§ **Assignment**
Write out exactly, with no other output, the lines below from the one that contains "- intros f." through the end.

Collected data:

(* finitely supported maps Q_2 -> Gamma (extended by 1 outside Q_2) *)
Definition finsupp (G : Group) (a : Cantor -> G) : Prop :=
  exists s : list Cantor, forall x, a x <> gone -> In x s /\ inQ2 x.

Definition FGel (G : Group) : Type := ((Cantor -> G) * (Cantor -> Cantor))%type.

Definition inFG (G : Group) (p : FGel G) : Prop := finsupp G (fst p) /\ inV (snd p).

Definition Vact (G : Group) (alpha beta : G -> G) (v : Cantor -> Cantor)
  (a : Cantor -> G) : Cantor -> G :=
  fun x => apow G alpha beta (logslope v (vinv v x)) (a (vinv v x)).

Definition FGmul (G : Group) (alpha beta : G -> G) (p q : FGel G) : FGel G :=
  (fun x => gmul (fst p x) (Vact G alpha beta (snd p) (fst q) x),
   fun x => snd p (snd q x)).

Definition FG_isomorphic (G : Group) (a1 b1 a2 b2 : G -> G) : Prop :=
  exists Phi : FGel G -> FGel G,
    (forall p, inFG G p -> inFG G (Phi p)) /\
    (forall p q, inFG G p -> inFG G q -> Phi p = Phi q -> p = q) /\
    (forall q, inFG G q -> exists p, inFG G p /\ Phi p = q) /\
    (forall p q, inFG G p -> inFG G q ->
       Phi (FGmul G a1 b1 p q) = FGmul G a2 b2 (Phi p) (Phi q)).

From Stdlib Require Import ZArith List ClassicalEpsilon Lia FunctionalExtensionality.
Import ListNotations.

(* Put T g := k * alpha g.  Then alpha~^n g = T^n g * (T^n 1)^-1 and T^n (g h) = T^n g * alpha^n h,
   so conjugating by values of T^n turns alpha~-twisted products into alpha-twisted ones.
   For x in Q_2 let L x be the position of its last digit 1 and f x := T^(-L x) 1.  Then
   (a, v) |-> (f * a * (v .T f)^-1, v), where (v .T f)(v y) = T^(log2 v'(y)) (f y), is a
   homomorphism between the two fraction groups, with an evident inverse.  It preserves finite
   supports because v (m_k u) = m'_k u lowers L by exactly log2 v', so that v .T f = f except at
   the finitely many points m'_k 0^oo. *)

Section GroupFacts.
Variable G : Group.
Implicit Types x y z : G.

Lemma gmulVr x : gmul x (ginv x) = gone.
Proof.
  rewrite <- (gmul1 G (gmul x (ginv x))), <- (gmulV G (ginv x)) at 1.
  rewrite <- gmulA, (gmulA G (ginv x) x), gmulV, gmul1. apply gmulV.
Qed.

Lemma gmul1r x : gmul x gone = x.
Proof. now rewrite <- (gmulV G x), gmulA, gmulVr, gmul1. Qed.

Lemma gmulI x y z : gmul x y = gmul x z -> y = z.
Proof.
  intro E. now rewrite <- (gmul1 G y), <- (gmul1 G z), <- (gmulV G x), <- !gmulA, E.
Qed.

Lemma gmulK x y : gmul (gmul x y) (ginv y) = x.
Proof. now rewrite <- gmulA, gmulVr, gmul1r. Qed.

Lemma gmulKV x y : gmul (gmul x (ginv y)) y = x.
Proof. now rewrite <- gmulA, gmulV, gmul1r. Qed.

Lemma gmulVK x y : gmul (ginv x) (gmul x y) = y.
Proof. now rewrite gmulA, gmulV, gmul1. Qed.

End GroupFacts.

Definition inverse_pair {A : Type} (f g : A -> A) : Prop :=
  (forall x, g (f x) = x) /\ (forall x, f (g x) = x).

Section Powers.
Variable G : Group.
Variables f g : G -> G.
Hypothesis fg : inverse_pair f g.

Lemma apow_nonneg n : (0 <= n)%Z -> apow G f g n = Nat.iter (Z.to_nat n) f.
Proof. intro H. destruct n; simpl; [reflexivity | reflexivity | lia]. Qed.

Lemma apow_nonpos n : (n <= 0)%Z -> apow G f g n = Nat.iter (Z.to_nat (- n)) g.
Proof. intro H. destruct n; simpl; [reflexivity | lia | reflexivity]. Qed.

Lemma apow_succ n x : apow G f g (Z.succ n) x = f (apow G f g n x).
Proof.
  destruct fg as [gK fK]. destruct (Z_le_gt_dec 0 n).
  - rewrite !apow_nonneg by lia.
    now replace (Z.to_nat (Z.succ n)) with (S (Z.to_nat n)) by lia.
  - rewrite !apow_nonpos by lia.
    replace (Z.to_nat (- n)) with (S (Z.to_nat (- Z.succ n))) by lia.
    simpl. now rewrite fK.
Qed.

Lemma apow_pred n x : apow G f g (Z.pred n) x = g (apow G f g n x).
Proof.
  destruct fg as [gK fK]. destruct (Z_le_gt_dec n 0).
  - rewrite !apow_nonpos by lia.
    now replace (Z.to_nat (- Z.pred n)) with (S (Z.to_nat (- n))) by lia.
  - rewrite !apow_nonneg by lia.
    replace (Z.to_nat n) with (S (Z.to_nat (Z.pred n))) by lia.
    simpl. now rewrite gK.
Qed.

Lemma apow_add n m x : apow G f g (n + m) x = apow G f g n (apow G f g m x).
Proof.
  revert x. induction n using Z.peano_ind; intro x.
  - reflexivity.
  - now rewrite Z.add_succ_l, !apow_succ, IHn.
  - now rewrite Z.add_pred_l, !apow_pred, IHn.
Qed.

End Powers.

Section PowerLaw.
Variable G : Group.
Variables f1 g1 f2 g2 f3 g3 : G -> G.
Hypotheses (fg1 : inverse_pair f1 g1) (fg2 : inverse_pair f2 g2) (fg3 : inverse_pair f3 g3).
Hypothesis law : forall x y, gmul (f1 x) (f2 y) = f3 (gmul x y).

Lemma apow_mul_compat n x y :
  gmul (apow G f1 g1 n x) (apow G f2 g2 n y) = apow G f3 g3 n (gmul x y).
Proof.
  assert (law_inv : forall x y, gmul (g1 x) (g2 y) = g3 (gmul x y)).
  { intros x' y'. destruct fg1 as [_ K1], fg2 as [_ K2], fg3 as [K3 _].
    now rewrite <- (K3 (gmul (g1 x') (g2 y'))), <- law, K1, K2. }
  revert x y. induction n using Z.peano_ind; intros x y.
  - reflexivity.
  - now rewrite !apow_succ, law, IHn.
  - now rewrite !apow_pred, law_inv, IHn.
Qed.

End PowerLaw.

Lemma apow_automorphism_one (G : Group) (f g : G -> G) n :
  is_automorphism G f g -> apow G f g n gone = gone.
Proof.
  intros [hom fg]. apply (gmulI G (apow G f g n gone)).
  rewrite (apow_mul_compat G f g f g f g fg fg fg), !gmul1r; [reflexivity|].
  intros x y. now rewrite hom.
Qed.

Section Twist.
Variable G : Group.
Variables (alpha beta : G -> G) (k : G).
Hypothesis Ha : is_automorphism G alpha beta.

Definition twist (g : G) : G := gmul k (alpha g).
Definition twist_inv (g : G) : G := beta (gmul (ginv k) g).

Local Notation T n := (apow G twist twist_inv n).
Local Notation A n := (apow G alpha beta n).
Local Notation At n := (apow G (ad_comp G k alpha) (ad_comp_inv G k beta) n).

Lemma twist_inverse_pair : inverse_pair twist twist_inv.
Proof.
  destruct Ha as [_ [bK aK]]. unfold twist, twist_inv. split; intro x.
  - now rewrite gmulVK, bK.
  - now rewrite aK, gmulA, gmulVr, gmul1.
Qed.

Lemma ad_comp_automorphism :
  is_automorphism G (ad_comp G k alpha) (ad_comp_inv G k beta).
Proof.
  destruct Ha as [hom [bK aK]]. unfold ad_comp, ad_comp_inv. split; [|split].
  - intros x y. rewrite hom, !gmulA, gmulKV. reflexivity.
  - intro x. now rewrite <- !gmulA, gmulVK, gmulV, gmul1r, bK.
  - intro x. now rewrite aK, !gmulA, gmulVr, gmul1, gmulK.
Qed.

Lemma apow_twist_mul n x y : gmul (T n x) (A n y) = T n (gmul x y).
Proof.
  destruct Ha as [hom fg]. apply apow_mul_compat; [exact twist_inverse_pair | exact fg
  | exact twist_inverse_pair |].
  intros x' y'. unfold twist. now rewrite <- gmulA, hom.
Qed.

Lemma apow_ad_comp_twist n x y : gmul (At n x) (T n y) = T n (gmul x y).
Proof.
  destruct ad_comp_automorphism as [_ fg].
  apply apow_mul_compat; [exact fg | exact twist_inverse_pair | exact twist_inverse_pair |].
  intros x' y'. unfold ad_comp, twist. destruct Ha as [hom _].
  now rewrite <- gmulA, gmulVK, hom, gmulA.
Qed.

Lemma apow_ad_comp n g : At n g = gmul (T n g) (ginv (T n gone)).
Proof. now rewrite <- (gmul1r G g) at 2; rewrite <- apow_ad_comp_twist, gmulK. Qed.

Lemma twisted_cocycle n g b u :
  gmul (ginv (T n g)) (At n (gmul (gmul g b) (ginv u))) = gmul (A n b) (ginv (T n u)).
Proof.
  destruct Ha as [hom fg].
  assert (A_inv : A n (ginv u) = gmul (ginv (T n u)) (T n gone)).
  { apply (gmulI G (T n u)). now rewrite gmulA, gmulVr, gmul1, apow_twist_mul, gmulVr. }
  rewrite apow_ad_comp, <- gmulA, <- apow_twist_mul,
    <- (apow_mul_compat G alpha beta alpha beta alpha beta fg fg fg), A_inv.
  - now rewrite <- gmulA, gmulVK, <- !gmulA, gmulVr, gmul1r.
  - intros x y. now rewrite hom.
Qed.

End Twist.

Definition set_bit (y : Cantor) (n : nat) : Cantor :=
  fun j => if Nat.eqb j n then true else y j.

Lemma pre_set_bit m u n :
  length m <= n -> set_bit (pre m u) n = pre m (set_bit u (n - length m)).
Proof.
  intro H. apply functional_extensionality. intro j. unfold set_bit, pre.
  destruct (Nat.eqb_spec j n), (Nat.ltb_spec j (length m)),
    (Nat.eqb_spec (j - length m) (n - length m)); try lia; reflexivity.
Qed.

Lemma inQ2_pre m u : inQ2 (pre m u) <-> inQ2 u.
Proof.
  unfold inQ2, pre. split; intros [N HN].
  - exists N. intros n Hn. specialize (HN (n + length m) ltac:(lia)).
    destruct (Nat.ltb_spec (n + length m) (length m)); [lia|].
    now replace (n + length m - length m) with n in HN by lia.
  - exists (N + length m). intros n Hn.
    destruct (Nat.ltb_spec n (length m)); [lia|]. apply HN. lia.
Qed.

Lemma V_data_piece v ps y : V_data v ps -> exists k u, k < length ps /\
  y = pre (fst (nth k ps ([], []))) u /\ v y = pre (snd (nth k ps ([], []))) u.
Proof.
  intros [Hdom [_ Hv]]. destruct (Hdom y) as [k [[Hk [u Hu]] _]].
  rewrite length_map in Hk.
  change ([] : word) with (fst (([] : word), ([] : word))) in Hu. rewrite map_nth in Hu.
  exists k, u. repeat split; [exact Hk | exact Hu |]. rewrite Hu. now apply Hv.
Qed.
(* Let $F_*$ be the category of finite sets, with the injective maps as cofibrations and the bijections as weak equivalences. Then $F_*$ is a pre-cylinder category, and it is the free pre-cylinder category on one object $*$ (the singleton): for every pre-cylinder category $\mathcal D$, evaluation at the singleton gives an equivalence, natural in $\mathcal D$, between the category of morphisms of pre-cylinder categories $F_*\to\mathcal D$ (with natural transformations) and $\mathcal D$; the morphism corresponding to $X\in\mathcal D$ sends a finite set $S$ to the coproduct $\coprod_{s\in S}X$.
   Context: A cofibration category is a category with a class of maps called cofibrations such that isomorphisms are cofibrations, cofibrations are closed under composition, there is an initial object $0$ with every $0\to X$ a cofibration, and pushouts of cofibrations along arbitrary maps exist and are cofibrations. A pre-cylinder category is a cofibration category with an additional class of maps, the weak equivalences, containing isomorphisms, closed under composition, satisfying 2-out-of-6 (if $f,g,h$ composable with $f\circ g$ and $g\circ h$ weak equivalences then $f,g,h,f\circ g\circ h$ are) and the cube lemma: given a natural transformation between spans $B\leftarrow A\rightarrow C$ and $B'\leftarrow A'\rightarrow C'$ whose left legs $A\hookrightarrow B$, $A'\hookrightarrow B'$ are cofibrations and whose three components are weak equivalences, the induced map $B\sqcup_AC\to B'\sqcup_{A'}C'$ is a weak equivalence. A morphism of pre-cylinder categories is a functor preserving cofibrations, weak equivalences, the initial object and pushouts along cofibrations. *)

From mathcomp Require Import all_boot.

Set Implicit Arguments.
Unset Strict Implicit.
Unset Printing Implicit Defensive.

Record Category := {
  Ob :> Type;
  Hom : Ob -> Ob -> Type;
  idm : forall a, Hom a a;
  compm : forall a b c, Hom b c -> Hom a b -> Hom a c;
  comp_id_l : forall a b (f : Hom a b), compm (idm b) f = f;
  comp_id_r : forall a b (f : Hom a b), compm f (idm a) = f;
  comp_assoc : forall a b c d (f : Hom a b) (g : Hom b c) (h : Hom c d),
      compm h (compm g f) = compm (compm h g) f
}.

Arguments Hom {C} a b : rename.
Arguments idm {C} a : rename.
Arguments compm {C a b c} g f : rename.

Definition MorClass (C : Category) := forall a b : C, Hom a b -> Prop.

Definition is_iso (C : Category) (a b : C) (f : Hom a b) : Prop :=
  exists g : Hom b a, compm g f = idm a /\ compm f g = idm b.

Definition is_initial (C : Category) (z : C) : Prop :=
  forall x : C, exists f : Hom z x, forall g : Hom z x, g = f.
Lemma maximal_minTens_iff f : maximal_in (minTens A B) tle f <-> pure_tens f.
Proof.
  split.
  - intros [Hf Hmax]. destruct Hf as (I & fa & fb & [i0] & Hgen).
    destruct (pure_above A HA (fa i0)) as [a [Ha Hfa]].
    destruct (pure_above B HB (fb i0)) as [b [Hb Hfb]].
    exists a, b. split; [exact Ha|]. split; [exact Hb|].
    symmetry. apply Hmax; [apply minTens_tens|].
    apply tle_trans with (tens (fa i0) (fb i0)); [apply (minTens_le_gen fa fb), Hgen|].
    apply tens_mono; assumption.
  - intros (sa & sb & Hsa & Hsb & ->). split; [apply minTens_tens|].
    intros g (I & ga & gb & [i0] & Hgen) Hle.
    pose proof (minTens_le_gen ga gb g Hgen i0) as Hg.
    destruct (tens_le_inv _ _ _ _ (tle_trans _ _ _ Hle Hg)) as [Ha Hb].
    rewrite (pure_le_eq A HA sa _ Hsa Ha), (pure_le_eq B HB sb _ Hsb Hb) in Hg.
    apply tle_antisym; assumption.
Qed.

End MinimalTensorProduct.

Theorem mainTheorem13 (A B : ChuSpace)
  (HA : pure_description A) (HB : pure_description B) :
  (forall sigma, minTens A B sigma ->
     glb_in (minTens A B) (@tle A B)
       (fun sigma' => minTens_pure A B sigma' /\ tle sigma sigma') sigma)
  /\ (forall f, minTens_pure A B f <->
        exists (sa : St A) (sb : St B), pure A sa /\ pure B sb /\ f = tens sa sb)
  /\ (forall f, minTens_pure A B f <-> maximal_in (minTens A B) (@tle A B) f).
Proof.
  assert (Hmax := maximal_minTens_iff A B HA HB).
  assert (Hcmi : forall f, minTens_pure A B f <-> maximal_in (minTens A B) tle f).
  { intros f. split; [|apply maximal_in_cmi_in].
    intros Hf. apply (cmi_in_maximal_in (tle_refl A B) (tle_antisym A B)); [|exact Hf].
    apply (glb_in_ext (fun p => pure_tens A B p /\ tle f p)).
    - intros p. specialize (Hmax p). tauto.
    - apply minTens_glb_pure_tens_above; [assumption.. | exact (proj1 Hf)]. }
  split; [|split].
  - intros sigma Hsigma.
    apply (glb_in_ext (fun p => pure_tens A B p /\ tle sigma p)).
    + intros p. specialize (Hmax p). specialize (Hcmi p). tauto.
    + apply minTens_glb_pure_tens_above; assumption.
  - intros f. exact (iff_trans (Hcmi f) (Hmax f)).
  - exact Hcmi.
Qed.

§ **Task response**
  - intros f. exact (iff_trans (Hcmi f) (Hmax f)).
  - exact Hcmi.
Qed.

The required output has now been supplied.